Wednesday, June 3, 2015

Review - Age of Reptiles: Ancient Egyptians #1

Never let it be said that life as a dinosaur was an easy one. It was a life that was lived by many a dinosaur, full of intricacies and adventures. Those "adventures" often came at the expense of another dinosaur's life, but they still make for fascinating reads. Dark Horse has an intriguing take on the life of dinosaurs in Age of Reptiles: Ancient Egyptians #1. The issue is written and edited by Ricardo Delgado and colored by Ryan Hill.

The steaming swamps of Cretaceous Africa teem with prehistoric life and primordial danger in a tale filled with villains, victims, and one of the most dangerous and unpredictable protagonists ever created: the lonely antihero Spinosaurus aegyptiacus!

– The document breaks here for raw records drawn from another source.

Lemma metric_lipschitz x a b : Rabs (d x a - d x b) <= d a b.
Proof.
  pose proof (metric_triangle x a b); pose proof (metric_triangle x b a).
  rewrite (metric_sym b a) in *. unfold Rabs; destruct Rcase_abs; lra.
Qed.

Lemma ball_open c e : is_open d (fun y => d c y < e).
Proof.
  intros y Hy. exists (e - d c y); split; [lra|].
  intros z Hz. pose proof (metric_triangle c y z); lra.
Qed.

(* The minimum of [t |-> d x (h t)] over the compact [0,1] is attained. *)
Lemma path_dist_pos (h : R -> X) x : cont_on d h 0 1 ->
  (forall t, 0 <= t <= 1 -> h t <> x) ->
  exists a, 0 < a /\ forall t, 0 <= t <= 1 -> a <= d x (h t).
Proof.
  intros hc hx.
  set (f t := d x (h (clamp01 t))).
  destruct (continuity_ab_min f 0 1) as [tm [Hmin Htm]]; [lra| |].
  - intros c Hc eps Heps. destruct (hc c eps Hc Heps) as [del [Hdel Hh]].
    exists del; split; [exact Hdel|]. intros y [_ Hy]. unfold f, R_dist in *; simpl in *.
    rewrite (clamp01_id Hc). eapply Rle_lt_trans; [apply metric_lipschitz|].
    rewrite metric_sym. apply Hh; [apply clamp01_range|].
    eapply Rle_lt_trans; [apply clamp01_dist|]; auto.
  - exists (f tm); split.
    + apply metric_gt0. intros E. apply (hx (clamp01 tm)); [apply clamp01_range | auto].
    + intros t Ht. specialize (Hmin t Ht). unfold f in Hmin. rewrite (clamp01_id Ht) in Hmin.
      exact Hmin.
Qed.

End Metric.

Record graph_param {X : Type} (d : X -> X -> R) (r : nat) (E : nat -> X -> Prop)
    (h : nat -> R -> X) (g : nat -> X -> R) : Prop := {
  edge_count_pos : (1 <= r)%nat;
  edge_h_in : forall i t, (i < r)%nat -> 0 <= t <= 1 -> E i (h i t);
  edge_g_range : forall i x, (i < r)%nat -> E i x -> 0 <= g i x <= 1;
  edge_g_h : forall i t, (i < r)%nat -> 0 <= t <= 1 -> g i (h i t) = t;
  edge_h_g : forall i x, (i < r)%nat -> E i x -> h i (g i x) = x;
  edge_h_cont : forall i, (i < r)%nat -> cont_on d (h i) 0 1;
  edge_g_cont : forall i x eps, (i < r)%nat -> E i x -> 0 < eps -> exists delta, 0 < delta /\
    forall y, E i y -> d x y < delta -> Rabs (g i y - g i x) < eps;
  edges_cover : forall x, exists i, (i < r)%nat /\ E i x;
  edges_meet : forall i j x, (i < r)%nat -> (j < r)%nat -> i <> j -> E i x -> E j x ->
    (x = h i 0 \/ x = h i 1) /\ (x = h j 0 \/ x = h j 1)
}.

Definition arc_param {X : Type} (d : X -> X -> R) (A : X -> Prop) (a b : X)
    (h : R -> X) (g : X -> R) : Prop :=
  (forall t, 0 <= t <= 1 -> A (h t)) /\ (forall x, A x -> 0 <= g x <= 1) /\
  (forall t, 0 <= t <= 1 -> g (h t) = t) /\ (forall x, A x -> h (g x) = x) /\
  cont_on d h 0 1 /\
  (forall x eps, A x -> 0 < eps -> exists delta, 0 < delta /\
     forall y, A y -> d x y < delta -> Rabs (g y - g x) < eps) /\
  h 0 = a /\ h 1 = b.

Lemma finite_graph_param {X : Type} (d : X -> X -> R) : is_finite_graph d ->
  exists r E h g, graph_param d r E h g.
Proof.
  intros (r & E & a & b & Hr & Harc & Hcov & Hmeet).
  assert (Hchoice : forall i, exists hg : (R -> X) * (X -> R),
    (i < r)%nat -> arc_param d (E i) (a i) (b i) (fst hg) (snd hg)).
  { intros i. destruct (Nat.lt_ge_cases i r) as [Hi|Hi].
    - destruct (Harc i Hi) as (h & g & Hh). exists (h, g). intros _. exact Hh.
    - exists (fun _ => a O, fun _ => 0). intros; lia. }
  destruct (choice _ Hchoice) as [hg HP].
  exists r, E, (fun i => fst (hg i)), (fun i => snd (hg i)).
  constructor; try assumption.
  - intros i t Hi. apply (HP i Hi).
  - intros i x Hi. apply (HP i Hi).
  - intros i t Hi. apply (HP i Hi).
  - intros i x Hi. apply (HP i Hi).
  - intros i Hi. apply (HP i Hi).
  - intros i x eps Hi. apply (HP i Hi).
  - intros i j x Hi Hj Hij Hxi Hxj.
    destruct (HP i Hi) as (_ & _ & _ & _ & _ & _ & -> & ->).
    destruct (HP j Hj) as (_ & _ & _ & _ & _ & _ & -> & ->).
    auto.
Qed.

Section Graph.
Variables (X : Type) (d : X -> X -> R).
Hypothesis Hm : is_metric d.
Hypothesis Hconn : is_connected d.
Variables (r : nat) (E : nat -> X -> Prop) (h : nat -> R -> X) (g : nat -> X -> R).
Hypothesis Hg : graph_param d r E h g.

Lemma edge_dist_pos j x : (j < r)%nat -> ~ E j x ->
  exists a, 0 < a /\ forall y, E j y -> a <= d x y.
Proof.
  intros Hj Hx.
  destruct (path_dist_pos Hm (x := x) (edge_h_cont Hg Hj)) as [a [Ha Hax]].
  { intros t Ht Hxt. apply Hx. rewrite <- Hxt. apply (edge_h_in Hg); assumption. }
  exists a; split; [exact Ha|]. intros y Hy.
  rewrite <- (edge_h_g Hg Hj Hy). apply Hax, (edge_g_range Hg Hj Hy).
Qed.

(* A point of a [P]-edge lies off every other edge, hence at positive distance from them all. *)
Lemma edge_union_open (P : nat -> Prop) :
  (forall i j x, (i < r)%nat -> (j < r)%nat -> P i -> ~ P j -> E i x -> E j x -> False) ->
  is_open d (fun x => exists i, (i < r)%nat /\ P i /\ E i x).
Proof.
  intros Hsep x (k & Hk & HPk & Hxk).
  destruct (@exists_pos_below_all (fun j a => ~ P j -> forall y, E j y -> a <= d x y) r)
    as [a [Ha Hfar]].
  - intros j a b Hfar Hb Hba HPj y Hy. specialize (Hfar HPj y Hy). lra.
  - intros j Hj. destruct (classic (P j)) as [HPj|HPj].
    + exists 1; split; [lra | contradiction].
    + destruct (edge_dist_pos Hj (fun Hxj => Hsep k j x Hk Hj HPk HPj Hxk Hxj)) as [a [Ha Hfar]].
      exists a; auto.
  - exists a; split; [exact Ha|]. intros y Hy.
    destruct (edges_cover Hg y) as [i [Hi Hyi]]. exists i; split; [exact Hi|split; [|exact Hyi]].
    apply NNPP; intros HPi. specialize (Hfar i Hi HPi y Hyi). lra.
Qed.

Definition orient (o : bool) (s : R) := if o then s else 1 - s.

Lemma orient_range o s : 0 <= s <= 1 -> 0 <= orient o s <= 1.
Proof. destruct o; simpl; lra. Qed.

Lemma orient_involutive o s : orient o (orient o s) = s.
Proof. destruct o; simpl; lra. Qed.

Definition oedge (p : nat * bool) (u : R) : X := h (fst p) (orient (snd p) u).

Definition flip (p : nat * bool) : nat * bool := (fst p, negb (snd p)).

Lemma oedge_flip p u : oedge (flip p) u = oedge p (1 - u).
Proof. unfold oedge, flip, orient; destruct (snd p); simpl; f_equal; lra. Qed.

To call Age of Reptiles: Ancient Egyptians #1 a day in the life of the Spinosaurus Aegyptiacus would slightly undercut the fascinating tale that Delgado crafts. In fact, there's so much more complexity in Spinosaurus' daily interactions than just watching a dinosaur eat and sleep. Delgado infuses Age of Reptiles: Ancient Egyptians #1 with a sense of emotion and relativity. Despite the issue being told from the point of view of the Spinosaurus, Delgado gives every creature he comes across a voice so to speak so that you can better understand both sides of the encounters. Some encounters are about food, while others are about survival, yet what they all have in common is emotion.

Living in the age of dinosaurs wasn't easy for anyone involved and Delgado captures that pretty well through a slightly gritty style. It's through this style hough that the reader can better appreciate the sheer force of nature that a dinosaur actually was. Spinosaurs swims gracefully through a massive river, a herd of Apatosauruses rumble through trees and smaller, Velociraptor-like dinosaurs fight over carrion with ferocity. That Delgado can convey such a sense without the use of dialogue is a testament to his storytelling ability and their constant, daily struggle for survival is quite a story. Hill rounds out the work with a color palette that's mostly green and blue, suggesting an almost serene jungle on a river setting that is quickly upended by life.

Age of Reptiles: Ancient Egyptians #1 is incredibly deep and poignant at times. The reader can get a sense of what the Spinosaurus has to contend with on a daily basis; a lifestyle that's further complicated by its desire to be alone more often than not. Delgado's story is pretty powerful despite the lack of dialogue and his art does more than enough to speak for his intentions. Each page and panel is well-thought out and feels appropriate, capturing another angle from a fascinating era. Age of Reptiles: Ancient Egyptians #1 is a completely enjoyable book that reads almost too fast, but you'll definitely want to back and read it again to fully appreciate the world Delgado is opening a window into.

Age of Reptiles: Ancient Egyptians #1 is in stores now.